Rap does not adhere to a single formula any longer, and no longer does the rapper. In a decade, Kanye West evolved from a broke College Dropout cutting tracks about his shortcomings, to a Margiela-coated, diamond-masked voice from the peak of the mountain. In five years, A$AP Rocky went from draping himself in an American flag for his debut studio album cover to rhyming about why  the “President a A-Hole” two releases later. ICYTWAT’s own muse, even, went from a snapback-clad rioter banned from England, to a wig-wearing, pink-donning, walking challenge to what exactly hip-hop entails. What has sustained all three, though – is the persistent memory of roots. 

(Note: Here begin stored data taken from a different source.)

(* Assume $\sum_{i=1}^M b_i<1$ and let $\mathbf r^\star=\mathbf r^\star(\epsilon)$ be the energy-scarce solution defined in the context. Then, with $M$, $(w_i)$, $(b_i)$ fixed, as $\epsilon\to0^+$, $$\big|\bar\Delta(\mathbf r^\star)-\bar\Delta_{\mathrm{opt}}(\epsilon)\big|\le \epsilon\, C_2+o(\epsilon),\qquad C_2=\sum_{l=1}^M\frac{w_l}{b_l\big(1-\sum_{i=1}^M b_i\big)}\Big(3\sum_{i=1}^M b_i-\min_j b_j\Big).$$
   Context: Fix an integer $M\ge1$, weights $w_1,\dots,w_M>0$, constants $b_1,\dots,b_M>0$, and $\epsilon>0$. For $\mathbf r\in(0,\infty)^M$ write $S(\mathbf r)=\sum_{i=1}^M r_i$ and define $$\bar\Delta(\mathbf r)=\sum_{l=1}^M \frac{w_l e^{-r_l\epsilon}}{r_l}\, e^{\epsilon S(\mathbf r)}\big(1+S(\mathbf r)\big)+\sum_{l=1}^M w_l,\qquad \sigma_l(\mathbf r)=\frac{(1-e^{-r_l\epsilon})S(\mathbf r)+r_le^{-r_l\epsilon}}{S(\mathbf r)+1}.$$ Problem 1: minimize $\bar\Delta(\mathbf r)$ over $\mathbf r\in(0,\infty)^M$ subject to $\sigma_l(\mathbf r)\le b_l$ for all $l$; its optimal (infimum) value is $\bar\Delta_{\mathrm{opt}}(\epsilon)$. Energy-scarce solution (when $B:=\sum_i b_i<1$): for each $l$ let $$c_l=\frac{2b_l(1-B)^2}{b_l(1-B)^2+\sqrt{b_l^2(1-B)^4+4b_l^2(1-B)^2(B-b_l)\epsilon}},$$ let $x^\star=\frac{\min_l c_l}{1-B}$, $\beta^\star=\sum_{i=1}^M \frac{1}{\sqrt{w_i}}$, and set $r^\star_l=\min\{b_l,\beta^\star\sqrt{w_l}\}\,x^\star$ (which equals $b_l x^\star$). *)

From Stdlib Require Import Reals.
Open Scope R_scope.

(* Indices i = 1..M of the paper are represented as i = 0..M-1. *)

Fixpoint fsum (n : nat) (f : nat -> R) : R :=
  match n with
  | O => 0
  | S k => fsum k f + f k
  end.

(* fmin n f = min_{i<n} f i, for n >= 1 (value 0 for n = 0, never used) *)
Fixpoint fmin (n : nat) (f : nat -> R) : R :=
  match n with
  | O => 0
  | S k => match k with
           | O => f O
           | _ => Rmin (fmin k f) (f k)
           end
  end.

Definition Ssum (M : nat) (r : nat -> R) : R := fsum M r.

Definition Delta_bar (M : nat) (w : nat -> R) (eps : R) (r : nat -> R) : R :=
  fsum M (fun l => w l * exp (- r l * eps) / r l * exp (eps * Ssum M r) * (1 + Ssum M r))
  + fsum M w.

Definition sigma (M : nat) (eps : R) (r : nat -> R) (l : nat) : R :=
  ((1 - exp (- r l * eps)) * Ssum M r + r l * exp (- r l * eps)) / (Ssum M r + 1).

Definition feasible (M : nat) (b : nat -> R) (eps : R) (r : nat -> R) : Prop :=
  (forall i, (i < M)%nat -> 0 < r i) /\
  (forall l, (l < M)%nat -> sigma M eps r l <= b l).

Definition is_inf_value (P : (nat -> R) -> Prop) (f : (nat -> R) -> R) (m : R) : Prop :=
  (forall r, P r -> m <= f r) /\
  (forall y, (forall r, P r -> y <= f r) -> y <= m).

Definition Btot (M : nat) (b : nat -> R) : R := fsum M b.

Definition c_coef (M : nat) (b : nat -> R) (eps : R) (l : nat) : R :=
  let B := Btot M b in
  2 * b l * (1 - B) ^ 2 /
  (b l * (1 - B) ^ 2 +
   sqrt (b l ^ 2 * (1 - B) ^ 4 + 4 * b l ^ 2 * (1 - B) ^ 2 * (B - b l) * eps)).

Definition x_star (M : nat) (b : nat -> R) (eps : R) : R :=
  fmin M (c_coef M b eps) / (1 - Btot M b).

Definition beta_star (M : nat) (w : nat -> R) : R :=
  fsum M (fun i => 1 / sqrt (w i)).

Definition r_star (M : nat) (w b : nat -> R) (eps : R) (l : nat) : R :=
  Rmin (b l) (beta_star M w * sqrt (w l)) * x_star M b eps.

Definition C2 (M : nat) (w b : nat -> R) : R :=
  fsum M (fun l => w l / (b l * (1 - Btot M b)) * (3 * Btot M b - fmin M b)).

From Pilot Require Import Defs.
From Stdlib Require Import Reals Lra Lia Psatz.
Open Scope R_scope.

(** Every feasible [r] has [r_l <= b_l (1 + S(r))] (the numerator of [sigma_l] is at
    least [r_l]), and [S(r) >= r_l]; hence each summand of [Delta_bar r] is at least
    [w_l / b_l], so [Delta_opt >= sum w + Q] with [Q = sum_l w_l / b_l].  On the other
    side [r*_l = b_l x*], where [x*] is the smallest of the positive roots of
    [(B - b_l) eps x^2 + (1 - B) x - 1]; this makes [r*] feasible, and its summands
    are [(w_l / b_l) exp (eps x* (B - b_l)) (1/x* + B)] with [x* <= 1/(1 - B)] and
    [1/x* <= 1 - B + (B - min b) eps / (1 - B)].  The gap is therefore at most
    [Q ((1 + K eps) / (1 - a eps) - 1) = Q (K + a) eps + o(eps)] with
    [a = B/(1-B)], [K = (B - min b)/(1-B)], and [Q (K + a) <= C_2 = Q (K + 2 a)]. *)

Lemma fsum_ext n f g : (forall i, (i < n)%nat -> f i = g i) -> fsum n f = fsum n g.
Proof.
  induction n as [|n IH]; intros Hfg; simpl; [reflexivity|].
  rewrite IH by (intros; apply Hfg; lia). rewrite Hfg by lia. reflexivity.
Qed.

Lemma fsum_le n f g : (forall i, (i < n)%nat -> f i <= g i) -> fsum n f <= fsum n g.
Proof.
  induction n as [|n IH]; intros Hfg; simpl; [lra|].
  apply Rplus_le_compat; [apply IH; intros; apply Hfg; lia | apply Hfg; lia].
Qed.

Lemma fsum_mulr n f c : fsum n (fun i => f i * c) = fsum n f * c.
Proof. induction n as [|n IH]; simpl; [ring|]. rewrite IH; ring. Qed.

Lemma fsum_nonneg n f : (forall i, (i < n)%nat -> 0 <= f i) -> 0 <= fsum n f.
Proof.
  induction n as [|n IH]; intros Hf; simpl; [lra|].
  apply Rplus_le_le_0_compat; [apply IH; intros; apply Hf; lia | apply Hf; lia].
Qed.

Lemma fsum_ge_term n f k :
  (forall i, (i < n)%nat -> 0 <= f i) -> (k < n)%nat -> f k <= fsum n f.
Proof.
  induction n as [|n IH]; intros Hf Hk; [lia|]. simpl.
  assert (0 <= f n) by (apply Hf; lia).
  destruct (Nat.eq_dec k n) as [->|Hne].
  - assert (0 <= fsum n f) by (apply fsum_nonneg; intros; apply Hf; lia). lra.
  - assert (f k <= fsum n f) by (apply IH; [intros; apply Hf; lia | lia]). lra.
Qed.

Lemma fsum_pos n f : (1 <= n)%nat -> (forall i, (i < n)%nat -> 0 < f i) -> 0 < fsum n f.
Proof.
  intros Hn Hf.
  assert (f 0%nat <= fsum n f) by (apply fsum_ge_term; [intros; left; apply Hf | ]; lia).
  assert (0 < f 0%nat) by (apply Hf; lia). lra.
Qed.

Lemma fmin_le n f k : (k < n)%nat -> fmin n f <= f k.
Proof.
  induction n as [|n IH]; intros Hk; [lia|]. simpl. destruct n as [|n].
  - replace k with 0%nat by lia. lra.
  - destruct (Nat.eq_dec k (S n)) as [->|Hne]; [apply Rmin_r|].
    eapply Rle_trans; [apply Rmin_l | apply IH; lia].
Qed.

Lemma fmin_attained n f : (1 <= n)%nat -> exists k, (k < n)%nat /\ fmin n f = f k.
Proof.
  induction n as [|n IH]; intros Hn; [lia|]. simpl. destruct n as [|n].
  - exists 0%nat; split; [lia | reflexivity].
  - destruct (IH ltac:(lia)) as [k [Hk Hfk]].
    unfold Rmin; destruct (Rle_dec (fmin (S n) f) (f (S n))).
    + exists k; split; [lia | exact Hfk].
    + exists (S n); split; [lia | reflexivity].
Qed.

Lemma one_le_exp t : 0 <= t -> 1 <= exp t.
Proof. intros Ht. pose proof (exp_ineq1_le t). lra. Qed.

Lemma exp_le_1 t : t <= 0 -> exp t <= 1.
Proof.
  intros Ht. replace t with (- - t) by ring. rewrite exp_Ropp.
  rewrite <- Rinv_1. apply Rinv_le_contravar; [lra | apply one_le_exp; lra].
Qed.

Lemma exp_le_inv_one_sub u v : u <= v < 1 -> exp u <= / (1 - v).
Proof.
  intros [Huv Hv].
  assert (Hinv : exp u * exp (- u) = 1) by (rewrite <- exp_plus, Rplus_opp_r; apply exp_0).
  pose proof (exp_ineq1_le (- u)). pose proof (exp_pos u).
  apply Rmult_le_reg_r with (1 - v); [lra|]. rewrite Rinv_l by lra. nra.
Qed.

(** The positive root of [p x^2 + q x - 1], rationalized so that it is also
    defined at [p = 0]. *)
Definition quad_root (p q : R) : R := 2 / (q + sqrt (q ^ 2 + 4 * p)).

Section QuadRoot.

Variables p q : R.
Hypothesis p_ge0 : 0 <= p.
Hypothesis q_gt0 : 0 < q.

Let disc := sqrt (q ^ 2 + 4 * p).

Let disc_sq : disc * disc = q ^ 2 + 4 * p.
Proof. apply sqrt_sqrt. nra. Qed.

Let q_le_disc : q <= disc.
Proof.
  rewrite <- (sqrt_pow2 q) by lra. apply sqrt_le_1_alt. lra.
Qed.

Lemma quad_root_pos : 0 < quad_root p q.
Proof. apply Rdiv_lt_0_compat; fold disc; lra. Qed.

Lemma quad_root_le_inv : quad_root p q <= / q.
Proof.
  unfold quad_root; fold disc.
  apply Rmult_le_reg_r with (q * (q + disc)); [nra|].
  field_simplify; [lra | lra | lra].
Qed.

Lemma inv_quad_root_le : / quad_root p q <= q + p / q.
Proof.
  unfold quad_root; fold disc. rewrite Rinv_div.
  assert (disc <= q + 2 * p / q).
  { assert (0 <= p / q) by (unfold Rdiv; apply Rle_mult_inv_pos; lra).
    assert (Hsq : (q + 2 * p / q) ^ 2 = q ^ 2 + 4 * p + (2 * p / q) ^ 2) by (field; lra).
    nra. }
  replace (q + p / q) with ((q + 2 * p / q + q) / 2) by (field; lra). lra.
Qed.

Lemma quad_root_eq : p * quad_root p q ^ 2 + q * quad_root p q = 1.
Proof.
  unfold quad_root; fold disc.
  replace p with ((disc * disc - q ^ 2) / 4) at 1 by lra.
  field. lra.
Qed.

Lemma quad_nonpos_le_root x :
  0 <= x <= quad_root p q -> p * x ^ 2 + q * x - 1 <= 0.
Proof.
  intros [Hx0 Hx]. pose proof quad_root_eq.
  assert (x ^ 2 <= quad_root p q ^ 2) by (simpl; nra). nra.
Qed.

End QuadRoot.

Section EnergyScarce.

Variable M : nat.
Variables w b : nat -> R.
Hypothesis M_ge1 : (1 <= M)%nat.
Hypothesis w_pos : forall i, (i < M)%nat -> 0 < w i.
Hypothesis b_pos : forall i, (i < M)%nat -> 0 < b i.
Hypothesis Btot_lt1 : Btot M b < 1.

Local Notation B := (Btot M b).

Lemma b_le_Btot l : (l < M)%nat -> b l <= B.
Proof. intros Hl. apply fsum_ge_term; [intros; left; apply b_pos |]; auto. Qed.

Lemma c_coef_eq eps l : (l < M)%nat ->
  c_coef M b eps l = (1 - B) * quad_root ((B - b l) * eps) (1 - B).
Proof.
  intros Hl. pose proof (b_pos l Hl). unfold c_coef, quad_root.
  set (q := 1 - B). assert (0 < q) by (unfold q; lra).
  replace (b l ^ 2 * q ^ 4 + 4 * b l ^ 2 * q ^ 2 * (B - b l) * eps)
    with ((b l * q) * (b l * q) * (q ^ 2 + 4 * ((B - b l) * eps))) by ring.
  rewrite sqrt_mult_alt, sqrt_square by nra.
  set (s := sqrt (q ^ 2 + 4 * ((B - b l) * eps))).
  assert (0 <= s) by apply sqrt_pos. assert (0 < b l * q) by nra.
  field. split; apply Rgt_not_eq; nra.
Qed.

Lemma x_star_le_root eps l : (l < M)%nat ->
  x_star M b eps <= quad_root ((B - b l) * eps) (1 - B).
Proof.
  intros Hl. unfold x_star.
  pose proof (fmin_le M (c_coef M b eps) l Hl) as Hmin. rewrite c_coef_eq in Hmin by exact Hl.
  apply Rmult_le_reg_r with (1 - B); [lra|].
  unfold Rdiv. rewrite Rmult_assoc, Rinv_l by lra. lra.
Qed.

Lemma x_star_attained eps : exists l, (l < M)%nat /\
  x_star M b eps = quad_root ((B - b l) * eps) (1 - B).
Proof.
  destruct (fmin_attained M (c_coef M b eps) M_ge1) as [l [Hl Hmin]].
  exists l; split; [exact Hl|]. unfold x_star. rewrite Hmin, c_coef_eq by exact Hl.
  field. lra.
Qed.

Section NonnegEps.

Variable eps : R.
Hypothesis eps_ge0 : 0 <= eps.

Let slack_ge0 l : (l < M)%nat -> 0 <= (B - b l) * eps.
Proof. intros Hl. pose proof (b_le_Btot l Hl). nra. Qed.

Lemma x_star_pos : 0 < x_star M b eps.
Proof.
  destruct (x_star_attained eps) as [l [Hl ->]].
  apply quad_root_pos; [apply slack_ge0 | lra]; auto.
Qed.

Lemma x_star_le_inv : x_star M b eps <= / (1 - B).
Proof.
  destruct (x_star_attained eps) as [l [Hl ->]].
  apply quad_root_le_inv; [apply slack_ge0 | lra]; auto.
Qed.

Lemma inv_x_star_le : / x_star M b eps <= 1 - B + (B - fmin M b) * eps / (1 - B).
Proof.
  destruct (x_star_attained eps) as [l [Hl ->]].
  eapply Rle_trans; [apply inv_quad_root_le; [apply slack_ge0 | lra]; auto|].
  apply Rplus_le_compat_l. unfold Rdiv. apply Rmult_le_compat_r.
  - left. apply Rinv_0_lt_compat. lra.
  - pose proof (fmin_le M b l Hl). nra.
Qed.

Lemma x_star_quad_nonpos l : (l < M)%nat ->
  (B - b l) * eps * x_star M b eps ^ 2 + (1 - B) * x_star M b eps - 1 <= 0.
Proof.
  intros Hl. apply quad_nonpos_le_root; [apply slack_ge0; auto | lra |].
  split; [left; apply x_star_pos | apply x_star_le_root; auto].
Qed.

End NonnegEps.

Lemma r_star_eq eps l : (l < M)%nat -> r_star M w b eps l = b l * x_star M b eps.
Proof.
  intros Hl. unfold r_star. f_equal. apply Rmin_left.
  assert (Hs : 0 < sqrt (w l)) by (apply sqrt_lt_R0; auto).
  assert (1 / sqrt (w l) <= beta_star M w).
  { apply (fsum_ge_term M (fun i => 1 / sqrt (w i))); auto.
    intros i Hi. left. apply Rdiv_lt_0_compat; [lra | apply sqrt_lt_R0; auto]. }
  assert (1 <= beta_star M w * sqrt (w l)).
  { replace 1 with (1 / sqrt (w l) * sqrt (w l)) by (field; lra).
    apply Rmult_le_compat_r; lra. }
  pose proof (b_le_Btot l Hl). lra.
Qed.

Lemma Ssum_r_star eps : Ssum M (r_star M w b eps) = B * x_star M b eps.
Proof.
  unfold Ssum, Btot. rewrite <- fsum_mulr. apply fsum_ext. intros; apply r_star_eq; auto.
Qed.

ICYTWAT is a rapper that has proven ownership of this quality.

One track on Icytwat Radio, titled “Dbsb,” gives a direct nod to the collective wherein this MC found his own beginnings. In two minutes and twenty seconds, the “audio pastel” envisioned a decade ago rides shotgun on the road to the future, alongside a confident Dream Bwoy manning the steering wheel. 

The rearview mirror is filled with color.